[EXTRACTED MATERIAL]
▼▼▼

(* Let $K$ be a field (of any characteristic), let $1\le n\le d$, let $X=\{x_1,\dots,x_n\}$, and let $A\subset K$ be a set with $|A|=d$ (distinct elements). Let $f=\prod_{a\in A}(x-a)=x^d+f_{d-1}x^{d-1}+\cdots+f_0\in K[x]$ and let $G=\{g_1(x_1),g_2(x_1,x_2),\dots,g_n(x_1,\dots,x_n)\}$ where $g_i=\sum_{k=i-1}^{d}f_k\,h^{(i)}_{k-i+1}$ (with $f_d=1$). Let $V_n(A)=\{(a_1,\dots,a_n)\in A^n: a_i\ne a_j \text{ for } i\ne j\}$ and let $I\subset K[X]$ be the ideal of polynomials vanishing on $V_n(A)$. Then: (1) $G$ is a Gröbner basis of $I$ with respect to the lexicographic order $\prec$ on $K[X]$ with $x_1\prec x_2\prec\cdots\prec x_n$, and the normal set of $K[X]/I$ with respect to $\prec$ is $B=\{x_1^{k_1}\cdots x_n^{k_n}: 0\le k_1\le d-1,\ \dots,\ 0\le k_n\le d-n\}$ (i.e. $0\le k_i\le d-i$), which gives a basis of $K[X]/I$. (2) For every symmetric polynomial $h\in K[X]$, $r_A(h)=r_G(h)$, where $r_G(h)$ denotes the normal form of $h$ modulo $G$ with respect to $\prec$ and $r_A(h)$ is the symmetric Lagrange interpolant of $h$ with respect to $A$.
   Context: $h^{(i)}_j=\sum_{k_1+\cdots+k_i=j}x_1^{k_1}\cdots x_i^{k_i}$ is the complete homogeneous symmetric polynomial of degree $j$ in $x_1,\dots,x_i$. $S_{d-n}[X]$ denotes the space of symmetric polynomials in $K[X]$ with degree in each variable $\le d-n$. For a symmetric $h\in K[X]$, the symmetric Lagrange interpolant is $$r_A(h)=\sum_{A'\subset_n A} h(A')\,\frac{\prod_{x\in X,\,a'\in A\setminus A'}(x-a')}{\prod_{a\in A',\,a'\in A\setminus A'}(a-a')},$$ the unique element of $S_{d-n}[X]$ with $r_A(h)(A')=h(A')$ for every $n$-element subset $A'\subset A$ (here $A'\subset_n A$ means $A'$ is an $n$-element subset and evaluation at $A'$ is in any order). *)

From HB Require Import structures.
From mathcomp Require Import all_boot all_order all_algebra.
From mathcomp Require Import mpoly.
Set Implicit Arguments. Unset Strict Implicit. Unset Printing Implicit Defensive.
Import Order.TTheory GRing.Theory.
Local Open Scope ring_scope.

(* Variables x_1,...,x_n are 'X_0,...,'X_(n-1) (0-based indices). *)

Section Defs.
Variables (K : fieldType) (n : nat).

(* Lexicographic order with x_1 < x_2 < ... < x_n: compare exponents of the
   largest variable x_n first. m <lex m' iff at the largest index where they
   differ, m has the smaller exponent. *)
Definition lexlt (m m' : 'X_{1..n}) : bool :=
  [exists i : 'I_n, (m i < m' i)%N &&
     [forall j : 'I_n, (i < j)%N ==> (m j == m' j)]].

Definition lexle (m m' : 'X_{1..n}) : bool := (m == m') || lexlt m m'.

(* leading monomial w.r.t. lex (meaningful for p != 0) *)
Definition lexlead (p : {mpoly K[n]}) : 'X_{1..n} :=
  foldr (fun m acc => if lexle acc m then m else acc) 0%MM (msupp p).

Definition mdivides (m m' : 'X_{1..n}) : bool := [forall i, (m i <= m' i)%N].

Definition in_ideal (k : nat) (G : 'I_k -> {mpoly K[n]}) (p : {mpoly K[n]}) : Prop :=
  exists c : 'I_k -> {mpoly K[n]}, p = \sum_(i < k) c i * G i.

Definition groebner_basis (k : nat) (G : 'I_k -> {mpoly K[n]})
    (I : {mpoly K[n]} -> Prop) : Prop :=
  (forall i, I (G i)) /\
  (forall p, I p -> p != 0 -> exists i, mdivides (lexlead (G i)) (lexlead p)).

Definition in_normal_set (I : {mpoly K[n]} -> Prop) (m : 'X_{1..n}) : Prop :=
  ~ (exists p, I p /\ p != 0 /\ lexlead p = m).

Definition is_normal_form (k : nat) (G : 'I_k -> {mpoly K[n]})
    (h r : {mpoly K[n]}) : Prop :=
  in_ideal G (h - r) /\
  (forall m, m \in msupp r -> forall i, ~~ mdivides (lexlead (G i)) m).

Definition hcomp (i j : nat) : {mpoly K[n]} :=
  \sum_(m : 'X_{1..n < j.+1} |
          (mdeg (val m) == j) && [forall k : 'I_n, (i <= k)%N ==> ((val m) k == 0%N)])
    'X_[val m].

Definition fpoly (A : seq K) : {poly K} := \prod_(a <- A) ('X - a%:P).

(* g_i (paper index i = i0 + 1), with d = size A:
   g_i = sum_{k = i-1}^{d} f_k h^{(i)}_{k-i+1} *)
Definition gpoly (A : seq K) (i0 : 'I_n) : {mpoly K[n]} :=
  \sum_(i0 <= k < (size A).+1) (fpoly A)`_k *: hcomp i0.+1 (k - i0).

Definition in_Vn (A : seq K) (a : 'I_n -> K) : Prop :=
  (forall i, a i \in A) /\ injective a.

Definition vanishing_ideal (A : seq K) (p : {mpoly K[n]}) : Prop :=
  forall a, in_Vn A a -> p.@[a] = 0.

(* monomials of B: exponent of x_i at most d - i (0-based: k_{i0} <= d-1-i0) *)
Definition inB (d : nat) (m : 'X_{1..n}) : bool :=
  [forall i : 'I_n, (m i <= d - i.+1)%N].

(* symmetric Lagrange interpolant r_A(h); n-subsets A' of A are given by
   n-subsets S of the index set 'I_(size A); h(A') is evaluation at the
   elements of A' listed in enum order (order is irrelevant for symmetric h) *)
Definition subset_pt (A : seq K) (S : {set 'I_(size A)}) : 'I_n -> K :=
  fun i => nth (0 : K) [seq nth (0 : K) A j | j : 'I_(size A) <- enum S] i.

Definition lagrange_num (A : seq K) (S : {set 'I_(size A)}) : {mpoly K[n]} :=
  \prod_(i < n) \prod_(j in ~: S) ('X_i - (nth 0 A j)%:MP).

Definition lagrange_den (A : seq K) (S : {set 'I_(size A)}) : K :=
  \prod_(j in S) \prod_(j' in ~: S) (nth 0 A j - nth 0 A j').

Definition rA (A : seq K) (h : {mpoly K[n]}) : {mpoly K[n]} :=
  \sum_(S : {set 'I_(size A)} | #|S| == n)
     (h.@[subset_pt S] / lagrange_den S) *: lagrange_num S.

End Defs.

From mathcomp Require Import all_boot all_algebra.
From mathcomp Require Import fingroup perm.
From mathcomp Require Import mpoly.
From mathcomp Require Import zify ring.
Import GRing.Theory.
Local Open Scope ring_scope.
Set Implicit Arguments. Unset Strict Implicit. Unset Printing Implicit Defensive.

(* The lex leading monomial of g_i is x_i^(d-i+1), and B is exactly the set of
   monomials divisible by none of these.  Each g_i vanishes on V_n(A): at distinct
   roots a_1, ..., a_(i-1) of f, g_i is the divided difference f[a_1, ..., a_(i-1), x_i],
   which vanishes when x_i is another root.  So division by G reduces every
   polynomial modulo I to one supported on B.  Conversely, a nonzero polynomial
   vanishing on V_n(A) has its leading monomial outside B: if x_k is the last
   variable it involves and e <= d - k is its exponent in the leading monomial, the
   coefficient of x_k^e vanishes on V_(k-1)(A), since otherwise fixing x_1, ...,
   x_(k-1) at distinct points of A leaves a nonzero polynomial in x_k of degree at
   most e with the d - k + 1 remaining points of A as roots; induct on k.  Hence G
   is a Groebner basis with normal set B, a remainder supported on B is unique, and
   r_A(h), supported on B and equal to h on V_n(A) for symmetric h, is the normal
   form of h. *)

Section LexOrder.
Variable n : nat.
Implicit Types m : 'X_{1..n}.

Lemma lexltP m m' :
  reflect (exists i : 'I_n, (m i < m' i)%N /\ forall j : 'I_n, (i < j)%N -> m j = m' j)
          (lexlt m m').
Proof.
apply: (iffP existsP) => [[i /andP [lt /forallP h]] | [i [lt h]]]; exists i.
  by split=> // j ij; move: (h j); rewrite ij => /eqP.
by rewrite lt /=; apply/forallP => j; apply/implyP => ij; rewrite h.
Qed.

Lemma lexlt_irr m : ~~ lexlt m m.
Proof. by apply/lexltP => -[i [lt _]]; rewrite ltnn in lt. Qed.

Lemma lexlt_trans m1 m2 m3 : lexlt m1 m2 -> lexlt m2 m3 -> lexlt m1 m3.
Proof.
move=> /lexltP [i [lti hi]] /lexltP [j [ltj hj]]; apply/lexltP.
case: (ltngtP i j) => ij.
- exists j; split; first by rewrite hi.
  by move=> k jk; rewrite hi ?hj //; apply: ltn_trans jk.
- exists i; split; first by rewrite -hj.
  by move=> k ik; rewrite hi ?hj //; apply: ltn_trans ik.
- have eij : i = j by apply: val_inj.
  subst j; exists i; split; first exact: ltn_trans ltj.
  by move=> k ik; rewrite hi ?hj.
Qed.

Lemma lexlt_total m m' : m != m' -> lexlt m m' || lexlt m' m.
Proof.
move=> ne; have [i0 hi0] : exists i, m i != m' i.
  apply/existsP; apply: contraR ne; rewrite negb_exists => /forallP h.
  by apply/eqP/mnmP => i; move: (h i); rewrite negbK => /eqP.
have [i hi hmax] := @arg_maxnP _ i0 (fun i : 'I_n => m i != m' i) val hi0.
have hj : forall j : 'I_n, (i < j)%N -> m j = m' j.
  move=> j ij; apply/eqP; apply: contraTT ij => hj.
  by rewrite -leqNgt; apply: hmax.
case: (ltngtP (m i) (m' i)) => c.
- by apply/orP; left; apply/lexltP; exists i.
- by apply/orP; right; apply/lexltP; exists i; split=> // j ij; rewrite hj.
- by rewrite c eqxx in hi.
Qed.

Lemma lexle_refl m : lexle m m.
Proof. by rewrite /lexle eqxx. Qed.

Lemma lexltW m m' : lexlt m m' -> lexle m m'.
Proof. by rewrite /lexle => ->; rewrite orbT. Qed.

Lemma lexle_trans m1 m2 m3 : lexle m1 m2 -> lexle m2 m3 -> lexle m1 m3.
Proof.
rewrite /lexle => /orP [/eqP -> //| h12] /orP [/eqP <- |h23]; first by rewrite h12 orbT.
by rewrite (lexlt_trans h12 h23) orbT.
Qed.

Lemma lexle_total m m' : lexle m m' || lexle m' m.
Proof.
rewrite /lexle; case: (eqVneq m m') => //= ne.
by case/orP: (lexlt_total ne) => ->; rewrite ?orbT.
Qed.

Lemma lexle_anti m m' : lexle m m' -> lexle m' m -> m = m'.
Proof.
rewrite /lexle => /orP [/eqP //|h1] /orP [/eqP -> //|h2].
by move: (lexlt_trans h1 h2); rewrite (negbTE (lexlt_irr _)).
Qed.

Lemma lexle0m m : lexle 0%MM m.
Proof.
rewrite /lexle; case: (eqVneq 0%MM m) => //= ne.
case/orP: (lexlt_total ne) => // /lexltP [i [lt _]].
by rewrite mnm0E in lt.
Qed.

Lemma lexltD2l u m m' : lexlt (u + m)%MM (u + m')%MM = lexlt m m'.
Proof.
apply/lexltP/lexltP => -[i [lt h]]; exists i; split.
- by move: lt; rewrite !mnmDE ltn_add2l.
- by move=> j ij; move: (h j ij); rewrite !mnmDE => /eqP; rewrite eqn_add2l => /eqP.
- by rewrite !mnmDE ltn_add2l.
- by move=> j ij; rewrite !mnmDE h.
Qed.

▲▲▲

In the listing above, locate the line with "(forall p, I" and the line with "Definition subset_pt (A", then extract exactly those lines and every line between them, and nothing more.

[YOUR RESPONSE]
  (forall p, I p -> p != 0 -> exists i, mdivides (lexlead (G i)) (lexlead p)).

Definition in_normal_set (I : {mpoly K[n]} -> Prop) (m : 'X_{1..n}) : Prop :=
  ~ (exists p, I p /\ p != 0 /\ lexlead p = m).

Definition is_normal_form (k : nat) (G : 'I_k -> {mpoly K[n]})
    (h r : {mpoly K[n]}) : Prop :=
  in_ideal G (h - r) /\
  (forall m, m \in msupp r -> forall i, ~~ mdivides (lexlead (G i)) m).

Definition hcomp (i j : nat) : {mpoly K[n]} :=
  \sum_(m : 'X_{1..n < j.+1} |
          (mdeg (val m) == j) && [forall k : 'I_n, (i <= k)%N ==> ((val m) k == 0%N)])
    'X_[val m].

Definition fpoly (A : seq K) : {poly K} := \prod_(a <- A) ('X - a%:P).

(* g_i (paper index i = i0 + 1), with d = size A:
   g_i = sum_{k = i-1}^{d} f_k h^{(i)}_{k-i+1} *)
Definition gpoly (A : seq K) (i0 : 'I_n) : {mpoly K[n]} :=
  \sum_(i0 <= k < (size A).+1) (fpoly A)`_k *: hcomp i0.+1 (k - i0).

Definition in_Vn (A : seq K) (a : 'I_n -> K) : Prop :=
  (forall i, a i \in A) /\ injective a.

Definition vanishing_ideal (A : seq K) (p : {mpoly K[n]}) : Prop :=
  forall a, in_Vn A a -> p.@[a] = 0.

(* monomials of B: exponent of x_i at most d - i (0-based: k_{i0} <= d-1-i0) *)
Definition inB (d : nat) (m : 'X_{1..n}) : bool :=
  [forall i : 'I_n, (m i <= d - i.+1)%N].

(* symmetric Lagrange interpolant r_A(h); n-subsets A' of A are given by
   n-subsets S of the index set 'I_(size A); h(A') is evaluation at the
   elements of A' listed in enum order (order is irrelevant for symmetric h) *)
Definition subset_pt (A : seq K) (S : {set 'I_(size A)}) : 'I_n -> K :=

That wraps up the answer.